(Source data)

(* Let $r\ge-1$ be an integer and $m\ge1$. Let $\beta_r(m,q)=\sum q^{|\pi|}$, summed over all partitions $\pi$ with $n$ copies of $n$ having exactly $m$ parts, whose lexicographically smallest part is of the form $i_i$ for some $i\ge1$, and such that, with parts listed in ascending lexicographic order, the weighted difference of each part and the preceding one is exactly $r$. Then $$\beta_r(m,q)=\frac{q^{m^2+r\binom m2}}{(q;q^2)_m}.$$
   Context: $M=\{m_i: 1\le i\le m\}$; a partition with $n$ copies of $n$ is a finite multiset of elements of $M$, and $|\pi|$ is the sum of the values (first entries) of its parts. Lexicographic order: $m_i>n_j$ iff $m>n$, or $m=n$ and $i>j$. Weighted difference $((m_i-n_j))=m-n-i-j$; ''successive weighted difference'' of consecutive parts $n_j\le m_i$ in ascending order means $((m_i-n_j))$. $(a;q)_m=\prod_{j=0}^{m-1}(1-aq^j)$. *)

From HB Require Import structures.
From mathcomp Require Import all_boot all_order all_algebra.
Set Implicit Arguments. Unset Strict Implicit. Unset Printing Implicit Defensive.
Import Order.TTheory GRing.Theory Num.Theory.

(* A part m_i of a partition with n copies of n is the pair (m, i), 1 <= i <= m. *)
Definition part := (nat * nat)%type.
Definition valid_part (p : part) : bool := (1 <= p.2 <= p.1)%N.

Definition lexle (p p' : part) : bool :=
  (p.1 < p'.1)%N || ((p.1 == p'.1) && (p.2 <= p'.2)%N).

Definition wdiff (a b : part) : int :=
  (a.1%:Z - b.1%:Z - a.2%:Z - b.2%:Z)%R.

Definition weight (s : seq part) : nat := \sum_(p <- s) p.1.

(* A partition with n copies of n (a finite multiset of parts) is represented by
   the list of its parts in ascending lexicographic order (bijective encoding).
   beta_part r m s : s has exactly m parts, all valid, listed in ascending lex order,
   the smallest part is of the form i_i (i >= 1), and each consecutive
   weighted difference equals r. *)
Definition beta_part (r : int) (m : nat) (s : seq part) : bool :=
  [&& size s == m,
      all valid_part s,
      sorted lexle s,
      (let p := head (0%N, 0%N) s in p.1 == p.2) &
      sorted (fun x y => wdiff y x == r) s].

(* Coefficient of q^N in beta_r(m,q): number of such partitions with |pi| = N.
   Every part of such a partition has value <= N (values are >= 1), hence
   both entries of every part are < N.+1, so enumerating m-tuples over
   'I_N.+1 * 'I_N.+1 lists each such partition exactly once. *)
Definition tuple_parts (N m : nat) (t : m.-tuple ('I_N.+1 * 'I_N.+1)) : seq part :=
  map (fun p => (nat_of_ord p.1, nat_of_ord p.2)) t.

Definition beta_coef (r : int) (m N : nat) : nat :=
  #|[set t : m.-tuple ('I_N.+1 * 'I_N.+1) |
       beta_part r m (tuple_parts t) && (weight (tuple_parts t) == N)]|.

Definition qq2_poch (m : nat) : {poly int} :=
  (\prod_(j < m) (1 - 'X^(2 * j + 1)))%R.

From HB Require Import structures.
From mathcomp Require Import all_boot all_order all_algebra zify ring.
Import Order.TTheory GRing.Theory Num.Theory.
Set Implicit Arguments. Unset Strict Implicit.

(* Write r = s - 1 with s >= 0.  A partition counted by beta_r(m,q),
   with parts p_0 < ... < p_(m-1), p_j = (x_j, a_j + 1), is determined by the
   free sequence a_0, ..., a_(m-1) >= 0: the smallest part is x_0 = a_0 + 1 and
   the weighted-difference condition reads x_(j+1) = x_j + a_j + a_(j+1) + s + 1,
   so x_j = 2 (a_0 + ... + a_(j-1)) + a_j + 1 + j (s + 1) ("chains"); conversely
   every chain is such a partition (the lexicographic order is automatic).
   Summing, |pi| = sum_j (2 (m-1-j) + 1) a_j + (m + (s+1) binom(m,2)), hence
     beta_r(m,q) = q^(m^2 + r binom(m,2)) / prod_j (1 - q^(2 (m-1-j) + 1)). *)

(* The coefficient of a_j in |pi| (an odd number, ranging over 1, 3, ..., 2m-1)
   and the weight of the chain with all a_j = 0. *)
Definition aweight (m j : nat) : nat := (2 * (m.-1 - j)).+1.
Arguments aweight : simpl never.
Definition base_weight (m s : nat) : nat := (m + s.+1 * 'C(m, 2))%N.

Lemma sq_base_weight (m s : nat) :
  ((m ^ 2)%:Z + (s%:Z - 1) * ('C(m, 2))%:Z = (base_weight m s)%:Z)%R.
Proof.
have sq_bin : (m ^ 2 = 2 * 'C(m, 2) + m)%N.
  by elim: m => [//|m IH]; rewrite binS bin1; nia.
rewrite /base_weight; lia.
Qed.

Section Chains.
Variable s : nat.

Definition partial_sum (a : nat -> nat) (j : nat) : nat := \sum_(l < j) a l.

Definition chain_val (a : nat -> nat) (j : nat) : nat :=
  (2 * partial_sum a j + a j + 1 + j * s.+1)%N.

Definition chain (a : nat -> nat) (m : nat) : seq part :=
  mkseq (fun j => (chain_val a j, (a j).+1)) m.

Lemma chain_val_succ (a : nat -> nat) (j : nat) :
  chain_val a j.+1 = (chain_val a j + a j + a j.+1 + s.+1)%N.
Proof. rewrite /chain_val /partial_sum big_ord_recr /= mulSn; lia. Qed.

Lemma eq_chain_val (a b : nat -> nat) (m j : nat) :
  (forall l, (l < m)%N -> a l = b l) -> (j < m)%N -> chain_val a j = chain_val b j.
Proof.
move=> eq_ab ltjm; rewrite /chain_val /partial_sum (eq_ab j ltjm).
congr (2 * _ + _ + _ + _)%N; apply: eq_bigr => l _; apply: eq_ab.
exact: ltn_trans (ltn_ord l) ltjm.
Qed.

Lemma chain_beta (a : nat -> nat) (m : nat) : beta_part (s%:Z - 1) m (chain a m).
Proof.
apply/and5P; split.
- by rewrite size_mkseq.
- by apply/allP => p /mapP [j _ ->]; rewrite /valid_part /= /chain_val; lia.
- apply/(sortedP (0, 0)%N) => i; rewrite size_mkseq => lti.
  rewrite !nth_mkseq //; last by lia.
  by rewrite /lexle /= chain_val_succ; apply/orP; left; lia.
- by case: m => [|m] //=; rewrite /chain_val /partial_sum big_ord0; apply/eqP; lia.
- apply/(sortedP (0, 0)%N) => i; rewrite size_mkseq => lti.
  rewrite !nth_mkseq //; last by lia.
  by rewrite /wdiff /= chain_val_succ; apply/eqP; lia.
Qed.

Lemma beta_chain (p : seq part) : beta_part (s%:Z - 1) (size p) p ->
  p = chain (fun l => (nth (0, 0)%N p l).2 - 1) (size p).
Proof.
case/and5P => _ /allP valid _ head_diag /(sortedP (0, 0)%N) wdiff_r.
set a := fun l => _.
have pos2 j : (j < size p)%N -> (0 < (nth (0, 0)%N p j).2)%N.
  by move=> ltj; have /valid/andP[] := mem_nth (0, 0)%N ltj.
have nth_p j : (j < size p)%N -> nth (0, 0)%N p j = (chain_val a j, (a j).+1).
  elim: j => [|j IH] ltj.
    move: head_diag (pos2 0%N ltj); rewrite /chain_val /partial_sum big_ord0 /a -nth0.
    by case: (nth _ p 0) => x y /= /eqP -> ?; congr pair; lia.
  move: (IH (ltnW ltj)) (wdiff_r j ltj) (pos2 j (ltnW ltj)) (pos2 _ ltj).
  rewrite chain_val_succ /a; case: (nth _ p j) => x y; case: (nth _ p j.+1) => x' y'.
  by rewrite /wdiff /= => -[-> _] /eqP ? ? ?; congr pair; lia.
apply: (@eq_from_nth _ (0, 0)%N); first by rewrite size_mkseq.
by move=> j ltj; rewrite nth_mkseq // nth_p.
Qed.

Lemma sum_partial_sums (a : nat -> nat) (m : nat) :
  \sum_(j < m) (2 * partial_sum a j + a j) = \sum_(j < m) aweight m j * a j.
Proof.
elim: m => [|m IH]; first by rewrite !big_ord0.
rewrite big_ord_recr IH [RHS]big_ord_recr /=.
rewrite [X in _ = X + _](eq_bigr (fun j : 'I_m => aweight m j * a j + 2 * a j)%N);
  last by move=> j _; rewrite /aweight /=; have := ltn_ord j; nia.
by rewrite [in RHS]big_split -big_distrr /partial_sum /aweight /=; lia.
Qed.

Lemma weight_chain_val (a : nat -> nat) (m : nat) :
  weight (chain a m) = \sum_(j < m) chain_val a j.
Proof. by rewrite /weight big_map -{1}(subn0 m) big_mkord. Qed.

Lemma weight_chain (a : nat -> nat) (m : nat) :
  weight (chain a m) = (\sum_(j < m) aweight m j * a j + base_weight m s)%N.
Proof.
rewrite weight_chain_val -sum_partial_sums /base_weight.
rewrite (eq_bigr (fun j : 'I_m => (2 * partial_sum a j + a j) + (1 + j * s.+1))%N);
  last by move=> j _; rewrite /chain_val; lia.
rewrite big_split [X in _ + X = _]big_split /= -big_distrl sum1_card card_ord.
by rewrite -(big_mkord xpredT (fun i => i)) -bin2_sum [in RHS]mulnC.
Qed.

End Chains.

(* Counting: for n <= K the counted partitions of weight n correspond to the
   functions f : 'I_m -> 'I_K.+1 with sum_j aweight m j * f j + base_weight = n
   (entries of such f are automatically <= n <= K). *)
Section Counting.
Variables (s M n K : nat).
Hypothesis lenK : (n <= K)%N.

(* The sequence of values of f (f is read through inord, so only j <= M matters). *)
Definition seq_of (f : {ffun 'I_M.+1 -> 'I_K.+1}) (j : nat) : nat := f (inord j).

Definition good_ffun : {set {ffun 'I_M.+1 -> 'I_K.+1}} :=
  [set f : {ffun 'I_M.+1 -> 'I_K.+1} |
     (\sum_(j : 'I_M.+1) aweight M.+1 j * f j + base_weight M.+1 s == n)%N].

Lemma good_ffunE (f : {ffun 'I_M.+1 -> 'I_K.+1}) :
  (f \in good_ffun) = (weight (chain s (seq_of f) M.+1) == n).
Proof.
rewrite inE weight_chain; congr (_ + _ == _)%N.
by apply: eq_bigr => j _; rewrite /seq_of inord_val.
Qed.

Definition chain_tuple (f : {ffun 'I_M.+1 -> 'I_K.+1}) : M.+1.-tuple ('I_n.+1 * 'I_n.+1) :=
  [tuple (inord (chain_val s (seq_of f) j), inord (seq_of f j).+1) | j < M.+1].

Lemma chain_tupleE (f : {ffun 'I_M.+1 -> 'I_K.+1}) : f \in good_ffun ->
  tuple_parts (chain_tuple f) = chain s (seq_of f) M.+1.
Proof.
rewrite good_ffunE => /eqP wt_n.
have le_n i : (i < M.+1)%N -> (chain_val s (seq_of f) i <= n)%N.
  by move=> lti; rewrite -wt_n weight_chain_val (bigD1 (Ordinal lti)) ?leq_addr.
apply: (@eq_from_nth _ (0, 0)%N); first by rewrite size_map size_tuple size_mkseq.
move=> i; rewrite size_map size_tuple => lti.
rewrite (nth_map (ord0, ord0)) ?size_tuple // nth_mkseq // (_ : i = Ordinal lti) //.
rewrite nth_mktuple /=; have := le_n i lti; rewrite /chain_val => ?.
by rewrite !inordK //; lia.
Qed.

Lemma tuple_parts_inj : injective (@tuple_parts n M.+1).
Proof.
move=> t1 t2 eq_t; apply: val_inj; apply: (inj_map _ eq_t).
by case=> [x1 y1] [x2 y2] [/val_inj -> /val_inj ->].
Qed.

(* A good function is recovered from the second entries of its chain. *)
Lemma chain_tuple_inj : {in good_ffun &, injective chain_tuple}.
Proof.
move=> f1 f2 good1 good2 /(congr1 (@tuple_parts n M.+1)).
rewrite !chain_tupleE // => eq_chain; apply/ffunP => k; apply: val_inj.
have := congr1 (fun q => (nth (0, 0)%N q k).2) eq_chain.
by rewrite /= !nth_mkseq //= /seq_of inord_val => -[].
Qed.

Lemma chain_tuple_onto (t : M.+1.-tuple ('I_n.+1 * 'I_n.+1)) :
  beta_part (s%:Z - 1) M.+1 (tuple_parts t) -> weight (tuple_parts t) = n ->
  exists2 f, f \in good_ffun & t = chain_tuple f.
Proof.
move=> beta_t wt_t.
have size_t : size (tuple_parts t) = M.+1 by rewrite size_map size_tuple.
have : beta_part (s%:Z - 1) (size (tuple_parts t)) (tuple_parts t) by rewrite size_t.
move/beta_chain; rewrite size_t; set a := fun l => _ => eq_t.
have lt_aK k : (a k < K.+1)%N.
  suff : ((nth (0, 0)%N (tuple_parts t) k).2 <= n)%N by rewrite /a; lia.
  case: (ltnP k (size (tuple_parts t))) => ltk; last by rewrite nth_default.
  rewrite (nth_map (ord0, ord0)) /=; last by rewrite size_map in ltk.
  by rewrite -ltnS ltn_ord.
pose f := [ffun k : 'I_M.+1 => (inord (a k) : 'I_K.+1)].
have seq_of_f l : (l < M.+1)%N -> seq_of f l = a l.
  by move=> ltl; rewrite /seq_of ffunE !inordK.
have chain_f : chain s (seq_of f) M.+1 = tuple_parts t.
  rewrite eq_t /chain /mkseq; apply/eq_in_map => j; rewrite mem_iota => /andP[_ ltj].
  by rewrite (eq_chain_val _ seq_of_f ltj) seq_of_f.
have good_f : f \in good_ffun by rewrite good_ffunE chain_f wt_t.
by exists f => //; apply: tuple_parts_inj; rewrite chain_tupleE.
Qed.

Lemma beta_coef_count : beta_coef (s%:Z - 1) M.+1 n = #|good_ffun|.
Proof.
rewrite /beta_coef -(card_in_imset chain_tuple_inj).
apply: eq_card => t; rewrite inE; apply/andP/imsetP.
  by case=> beta_t /eqP wt_t; apply: chain_tuple_onto.
by case=> f good ->; rewrite chain_tupleE // chain_beta -good_ffunE.
Qed.

End Counting.

Local Open Scope ring_scope.

Section TruncatedProduct.
Variables (R : comNzRingType) (m K : nat) (w : 'I_m -> nat).

Definition trunc_gf : {poly R} :=
  \sum_(f : {ffun 'I_m -> 'I_K}) 'X^(\sum_(j : 'I_m) w j * f j).

Lemma coef_trunc_gf (n : nat) :
  trunc_gf`_n = #|[set f : {ffun 'I_m -> 'I_K} | (\sum_(j : 'I_m) w j * f j == n)%N]|%:R.
Proof.
rewrite /trunc_gf coef_sum -sum1_card natr_sum [RHS]big_mkcond /=.
by apply: eq_bigr => f _; rewrite coefXn inE eq_sym; case: eqP.
Qed.

Lemma trunc_gf_prod : trunc_gf = \prod_(j < m) \sum_(c < K) 'X^(w j * c).
Proof. by rewrite bigA_distr_bigA /trunc_gf; apply: eq_bigr => f _; rewrite prodrXr. Qed.

(* Multiplying by prod_j (1 - q^(w j)) telescopes every geometric series. *)
Lemma trunc_gf_telescope :
  (\prod_(j < m) (1 - 'X^(w j))) * trunc_gf = \prod_(j < m) (1 - 'X^(w j * K)).
Proof.
rewrite trunc_gf_prod -big_split; apply: eq_bigr => j _ /=.
under eq_bigr => c _ do rewrite exprM.
by rewrite -opprB mulNr -subrX1 opprB -exprM.
Qed.

End TruncatedProduct.

Lemma coef_prod_one_sub (R : comNzRingType) (I : Type) (r : seq I) (e : I -> nat)
    (K n : nat) :
  (forall i, 0 < e i)%N -> (n < K)%N ->
  (\prod_(i <- r) (1 - 'X^(e i * K)) : {poly R})`_n = (n == 0%N)%:R.
Proof.
move=> e_gt0 ltnK.
have [t ->] : exists t : {poly R}, \prod_(i <- r) (1 - 'X^(e i * K)) = 1 + 'X^K * t.
  apply: (big_ind (fun p : {poly R} => exists t, p = 1 + 'X^K * t)).
  - by exists 0; rewrite mulr0 addr0.
  - by move=> _ _ [a ->] [b ->]; exists (a + b + 'X^K * a * b); ring.
  - move=> i _; exists (- 'X^((e i).-1 * K)).
    by rewrite -{1}(prednK (e_gt0 i)) mulSn exprD; ring.
by rewrite coefD coef1 coefXnM ltnK addr0.
Qed.

(* (q;q^2)_m with its factors listed in the order of the chain entries a_j. *)
Lemma qq2_pochE (m : nat) :
  qq2_poch m = \prod_(j < m) (1 - 'X^(aweight m j)).
Proof.
rewrite /qq2_poch (reindex_inj rev_ord_inj) /=; apply: eq_bigr => j _.
by rewrite /aweight; congr (1 - 'X^_); have := ltn_ord j; lia.
Qed.

Lemma beta_coef_gf (s M K n : nat) : (n <= K)%N ->
  (beta_coef (s%:Z - 1) M.+1 n)%:Z =
  ('X^(base_weight M.+1 s) * trunc_gf int K.+1 (fun j : 'I_M.+1 => aweight M.+1 j))`_n.
Proof.
move=> lenK; rewrite (beta_coef_count s M lenK) coefXnM coef_trunc_gf natz.
case: ltnP => [ltn_base|le_base]; congr Posz.
  by apply: eq_card0 => f; rewrite !inE; apply/negbTE/eqP; lia.
by apply: eq_card => f; rewrite !inE; apply/eqP/eqP; lia.
Qed.

Theorem theorem20 (r : int) (m : nat) :
  (-1 <= r)%R -> (1 <= m)%N ->
  forall N : nat,
    (\sum_(k < N.+1) (qq2_poch m)`_k * (beta_coef r m (N - k))%:Z)%R =
    (if N%:Z == ((m ^ 2)%:Z + r * ('C(m, 2))%:Z)%R then 1 else 0)%R.
Proof.
move=> r_ge m_ge1 N.
have [s ->] : exists s : nat, r = s%:Z - 1 by exists (absz (r + 1)); lia.
case: m m_ge1 => [//|M] _; rewrite sq_base_weight eqz_nat.
set E := base_weight M.+1 s; set G := trunc_gf int N.+1 (fun j : 'I_M.+1 => aweight M.+1 j).
transitivity ((qq2_poch M.+1 * ('X^E * G))`_N).
  by rewrite coefM; apply: eq_bigr => k _; rewrite (@beta_coef_gf s M N) ?leq_subr.
rewrite mulrCA coefXnM qq2_pochE trunc_gf_telescope.
case: ltnP => [ltNE|leEN]; first by case: eqP => //; lia.
rewrite coef_prod_one_sub // ?subn_eq0; last by lia.
by rewrite eqn_leq leEN andbT; case: leqP.
Qed.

• HOW TO COMPLETE THIS TASK: Look through the entries above and work out how many lines contain the string "Ordinal". Give that number alone.

• ANSWER: 2